同じような動きをする楽器は自然と席も近くなります。これがもしバラバラに配置されていたら、きっとお互いの「呼吸」を感じることができないため、演奏をぴったり合わせることは途端に難しくなるでしょう。コロナ禍ではN響も一時期ソーシャルディスタンスを保つために、各演奏者の間隔を大きくとらざるを得なくなったことがあるんですよ。近くにいれば息遣いや身体を動かす様子がわかりますから、そうした気配に注意を払いながら音を出すことができるのですが、席が離れていると隣の演奏者の気配が全くわからず常に不安でした。
「オーケストラには指揮者がいるのだから、隣の演奏家と息を合わせなくても指揮者を見ていれば大丈夫なのでは?」と思われる方もいるかもしれません。そんなことは決してなくて、例えば私の場合は指揮者と同時にコンサートマスターの動きにも注意を払い、弓が弦につくタイミングで音を出すなどしています。
我々、木管楽器は、ステージ上ではちょうど真ん中に座っているため、近くの楽器と形成したアンサンブルを横の楽器に伝えていくことが重要です。まずフルート、オーボエ、ファゴット、クラリネットの首席奏者4人の演奏がしっかりとしたアンサンブルを作る。そうしないと、オーケストラのアンサンブルはバラバラになってしまいますから。
「木管のアンサンブルがグラついていると私たちも合わせるのは難しい」と、いつだったか弦楽器の方から言われたこともあります。前方にいるフルートとオーボエの2人は、後方のクラリネットとファゴットの2人を見ることが出来ないので、相手がこちらに合わせてくれるという絶対の信頼関係が築けていることも、アンサンブルを成立させる条件の一つなんですよね。
目指すべき方向をすり合わせる。
N響のアンサンブルの特徴。
優れたアンサンブルに必要な要素として、「方向性を共有している」ということもあります。「こういう演奏を目指している」「ここに向けて演奏を盛り上げていく」という考えがメンバー全員一致していることがとても大切です。自分の主張があるのはもちろん大事なことですが、自分の主張「だけ」を出していたらダメですよね。周りの演奏家がどんな演奏をしているのか、このオーケストラは全体でどこに行こうとしているのか。それを聴くアンテナがないとやっぱり難しいかもしれません。他のメンバーの主張にもリスペクトをはらいつつ、オーケストラ全体のことを考える。そういう姿勢が必要なんじゃないでしょうか。

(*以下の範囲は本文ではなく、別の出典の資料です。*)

(* Let $\Delta$ (vertex set $V$, field $K=k(a_{i,j}:1\le i\le d, j\in V)$, degree map $\deg_\Delta$) and $\Delta'$ (vertex set $V'$, field $K'=k(a'_{i,j}:1\le i\le d, j\in V')$, degree map $\deg_{\Delta'}$) be two connected oriented simplicial $k$-homology manifolds of dimension $d-1$. Let $G=\{j_1,\dots,j_s\}$ be a face of $\Delta$ and $G'=\{j_1',\dots,j_s'\}$ a face of $\Delta'$, let $S$ be the vertex set of the closed star $\mathrm{Star}_\Delta(G)$, and let $K_S=k(a_{i,j}:1\le i\le d,\ j\in S)\subseteq K$. Suppose $\tau:\mathrm{Star}_\Delta(G)\to\mathrm{Star}_{\Delta'}(G')$ is an isomorphism of simplicial complexes with $\tau(j_m)=j'_m$ for $1\le m\le s$, and identify $K_S$ with a subfield of $K'$ via $a_{i,j}\mapsto a'_{i,\tau(j)}$. Let $b_1,\dots,b_s$ be positive integers with $b_1+\dots+b_s=d$. Then $\deg_\Delta(x_{j_1}^{b_1}\cdots x_{j_s}^{b_s})\in K_S$, and under this identification $$\deg_\Delta(x_{j_1}^{b_1}\cdots x_{j_s}^{b_s})=\epsilon\,\deg_{\Delta'}(x_{j_1'}^{b_1}\cdots x_{j_s'}^{b_s}),$$ where $\epsilon=1$ if the orientations on $\mathrm{Star}_\Delta(G)$ induced by the orientation of $\Delta$ and (via $\tau$) by that of $\Delta'$ agree, and $\epsilon=-1$ if they are opposite.
   Context: A connected $k$-homology manifold of dimension $d-1$ ($d\ge2$, $k$ a field) is a connected simplicial complex such that the link of each nonempty face $G$ has the homology over $k$ of a sphere of dimension $d-|G|-1$. An orientation (if $\mathrm{char}\,k\neq 2$) is a choice, for each facet, of an ordering of its vertices up to even permutations, such that for every $(d-2)$-face the two orientations induced on it by the two facets containing it are opposite; a facet ordered $v_1,\dots,v_d$ induces on the face omitting $v_i$ the ordering $v_1,\dots,\widehat{v_i},\dots,v_d$ if $i-1$ is even, and the opposite orientation if $i-1$ is odd. If $\mathrm{char}\,k=2$, every such complex is regarded as oriented and all signs below are $1$. For a facet $F=\{j_1<\dots<j_d\}$, $\epsilon_F\in\{\pm1\}$ is the sign of the permutation taking $(j_1,\dots,j_d)$ to the chosen ordering. For $\Delta$ with vertex set $V$ and $K=k(a_{i,j}:1\le i\le d, j\in V)$ (independent indeterminates), $K[\Delta]$ is the Stanley–Reisner ring over $K$ in variables $x_j$, $\theta_i=\sum_ja_{i,j}x_j$, $H(\Delta)=K[\Delta]/(\theta_1,\dots,\theta_d)$; $H^d(\Delta)$ is one-dimensional and $\deg_\Delta:H^d(\Delta)\to K$ is the $K$-linear isomorphism with $\deg_\Delta(x_F)=\epsilon_F/[F]$ for every facet $F$, where $x_F=\prod_{j\in F}x_j$ and $[F]$ is the determinant of the $d\times d$ matrix with $(i,m)$ entry $a_{i,j_m}$ (columns in increasing order of $j_m$). The ordering of vertices in $V'$ used for $[\cdot]$ is compatible in the sense that orientations are compared via $\tau$. The closed star $\mathrm{Star}_\Delta(G)$ is the subcomplex consisting of all faces containing $G$ and all their subfaces. *)

From HB Require Import structures.
From mathcomp Require Import all_boot all_order all_algebra.
From mathcomp Require Import fraction.
From mathcomp.multinomials Require Import mpoly.
Set Implicit Arguments. Unset Strict Implicit. Unset Printing Implicit Defensive.
Import Order.TTheory GRing.Theory.
Local Open Scope ring_scope.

ちなみにN響のアンサンブルは、時おり神がかっていて「すごいな、ここの楽団は!」と感じることがありますね(笑)。そのクオリティは絶対に下げたくないし、もっとアップデートしていきたい、という気持ちはすべての楽員が持っているのではないでしょうか。各々の向上心がとても強く、しかも「仲良し」であることも重要なポイントですね(笑)。以前と比べ、コミュニケーションツールが進化したのも大きく貢献しているのは確か。前は電話しかなかったのが、今はメールやLINEが普及して、グループLINEを作れば連絡もすぐできるし、Zoomをつないでいつでもどこでもミーティングもできる。それによって、楽員同士の結束力は30年前より今の方が強くなったのではないでしょうか。

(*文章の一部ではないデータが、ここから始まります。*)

(* Let $(u_S,u_R)$ be an environment satisfying scant-indifferences. If a profile $(\sigma,\rho)$ is R-BR and $U_S(\sigma,\rho)$ equals the persuasion payoff, then $\rho$ is pure-on-path, i.e., $\rho(\cdot|m)$ is degenerate for every $m\in M_\sigma$.
   Context: $A=\{a_1,\dots,a_{|A|}\}$ and $\Omega$ are finite nonempty sets, $\mu_0$ a prior on $\Omega$ with $\mu_0(\omega)>0$ for all $\omega$, and $M$ a finite message set with $|M|>\max\{|\Omega|,|A|\}$. An environment is a pair of functions $u_S,u_R:A\times\Omega\to[0,1]$. A messaging strategy is $\sigma:\Omega\to\Delta M$; an action strategy is $\rho:M\to\Delta A$. $U_i(\sigma,\rho)=\sum_{\omega,m,a}\mu_0(\omega)\sigma(m|\omega)\rho(a|m)u_i(a,\omega)$. $(\sigma,\rho)$ is R-BR if $\rho\in\arg\max_{\rho'}U_R(\sigma,\rho')$. The persuasion payoff is the maximum of $U_S$ over R-BR profiles. $M_\sigma=\{m:\sigma(m|\omega)>0\text{ for some }\omega\}$. Scant-indifferences: with $\mathbf u_S(a)=u_S(a,\cdot)\in\mathbb R^{|\Omega|}$, $\mathbf u_R(a)=u_R(a,\cdot)$, for each $i$ the expanded-indifference matrix $T^i$ has $|\Omega|$ columns and rows $\mathbf u_S(a_j)-\mathbf u_S(a_i)$ ($j\ne i$), $\mathbf u_R(a_j)-\mathbf u_R(a_i)$ ($j\ne i$), and the rows of the $|\Omega|\times|\Omega|$ identity; the environment satisfies scant-indifferences if for each $i$ every matrix obtained from $T^i$ by deleting some rows has full rank. *)

From HB Require Import structures.
From mathcomp Require Import all_boot all_order all_algebra.
From mathcomp Require Import reals.
Set Implicit Arguments. Unset Strict Implicit. Unset Printing Implicit Defensive.
Import Order.TTheory GRing.Theory Num.Theory.
Local Open Scope ring_scope.

Section Defs.
Variable R : realType.

Definition is_distr (T : finType) (p : T -> R) : Prop :=
  (forall t, 0 <= p t) /\ \sum_(t : T) p t = 1.

Definition degenerate (T : finType) (p : T -> R) : Prop :=
  exists t0 : T, forall t, p t = if t == t0 then 1 else 0.

Variables (A Omega M : finType).

(* messaging strategy sigma : Omega -> Delta M, sigma w m = sigma(m|w) *)
Definition messaging_strategy (sigma : Omega -> M -> R) : Prop :=
  forall w, is_distr (sigma w).

(* action strategy rho : M -> Delta A, rho m a = rho(a|m) *)
Definition action_strategy (rho : M -> A -> R) : Prop :=
  forall m, is_distr (rho m).

Definition U (mu0 : Omega -> R) (u : A -> Omega -> R)
    (sigma : Omega -> M -> R) (rho : M -> A -> R) : R :=
  \sum_(w : Omega) \sum_(m : M) \sum_(a : A) mu0 w * sigma w m * rho m a * u a w.

Definition R_BR (mu0 : Omega -> R) (uR : A -> Omega -> R)
    (sigma : Omega -> M -> R) (rho : M -> A -> R) : Prop :=
  messaging_strategy sigma /\ action_strategy rho /\
  forall rho' : M -> A -> R, action_strategy rho' ->
    U mu0 uR sigma rho' <= U mu0 uR sigma rho.

(* U_S(sigma, rho) equals the persuasion payoff, i.e. the maximum of U_S over
   R-BR profiles (for an R-BR profile (sigma, rho), this says exactly that
   (sigma, rho) attains that maximum). *)
Definition attains_persuasion_payoff (mu0 : Omega -> R) (uS uR : A -> Omega -> R)
    (sigma : Omega -> M -> R) (rho : M -> A -> R) : Prop :=
  forall sigma' rho', R_BR mu0 uR sigma' rho' ->
    U mu0 uS sigma' rho' <= U mu0 uS sigma rho.

Definition on_path (sigma : Omega -> M -> R) (m : M) : Prop :=
  exists w, 0 < sigma w m.

Definition pure_on_path (sigma : Omega -> M -> R) (rho : M -> A -> R) : Prop :=
  forall m, on_path sigma m -> degenerate (rho m).

(* Row indices of the expanded-indifference matrix T^i:
   inl (inl j) : row u_S(a_j) - u_S(a_i), j <> i
   inl (inr j) : row u_R(a_j) - u_R(a_i), j <> i
   inr w'      : row e_{w'} of the |Omega| x |Omega| identity *)
Definition T_index (i : A) : finType :=
  (({j : A | j != i} + {j : A | j != i}) + Omega)%type.

Definition T_row (uS uR : A -> Omega -> R) (i : A) (r : T_index i) : Omega -> R :=
  match r with
  | inl (inl j) => fun w => uS (val j) w - uS i w
  | inl (inr j) => fun w => uR (val j) w - uR i w
  | inr w' => fun w => (w == w')%:R
  end.

Definition T_submx (uS uR : A -> Omega -> R) (i : A) (S : {set T_index i})
  : 'M[R]_(#|S|, #|Omega|) :=
  \matrix_(k < #|S|, l < #|Omega|) T_row uS uR (enum_val k) (enum_val l).

Definition scant_indifferences (uS uR : A -> Omega -> R) : Prop :=
  forall (i : A) (S : {set T_index i}),
    \rank (T_submx uS uR S) = minn #|S| #|Omega|.

End Defs.

From HB Require Import structures.
From mathcomp Require Import all_boot all_order all_algebra.
From mathcomp Require Import reals ring lra.
Set Implicit Arguments. Unset Strict Implicit. Unset Printing Implicit Defensive.
Import Order.TTheory GRing.Theory Num.Theory.
Local Open Scope ring_scope.

(* Suppose rho mixes two actions a <> a' after an on-path message m of a
   sender-optimal profile.  Since |M| > |Omega|, the vectors sigma(m|.) of
   R^Omega are linearly dependent, and moving sigma along a dependency until
   a message drops out of use preserves R-BR and (by optimality, to first
   order) the sender's payoff; so we may assume some message m2 is unused.
   At an optimal profile every action in the support of rho(.|m) gives the
   sender the same payoff.  Scant-indifferences yields a direction d of joint
   weights, supported on the support of sigma(.|m), that keeps every action
   R-indifferent to a indifferent to it while changing the sender's payoff
   difference between a' and a.  Splitting m into m (recommending a') and m2
   (recommending a) along a small multiple of d then strictly increases the
   sender's payoff, contradicting optimality. *)

Section Distributions.
Variable R : realType.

ちなみに「このアンサンブルはすごい!」と思ったのは、最近だとマルティン・フレストというスウェーデン出身のクラリネット奏者がリリースした、ヴィヴァルディのクラリネット協奏曲集『Vivaldi』。そこで演奏しているケルンの弦楽器グループ「コンチェルト・ケルン」がものすごいアンサンブルを奏でています。「こんなアンサンブルと演奏してみたいなあ」と、すごく羨ましく思いましたね(笑)。
もしオーケストラの演奏を聴きにいく機会があったら、演奏家たちが息を合わせてアンサンブルを奏でている様子に是非とも耳を傾けてみてください。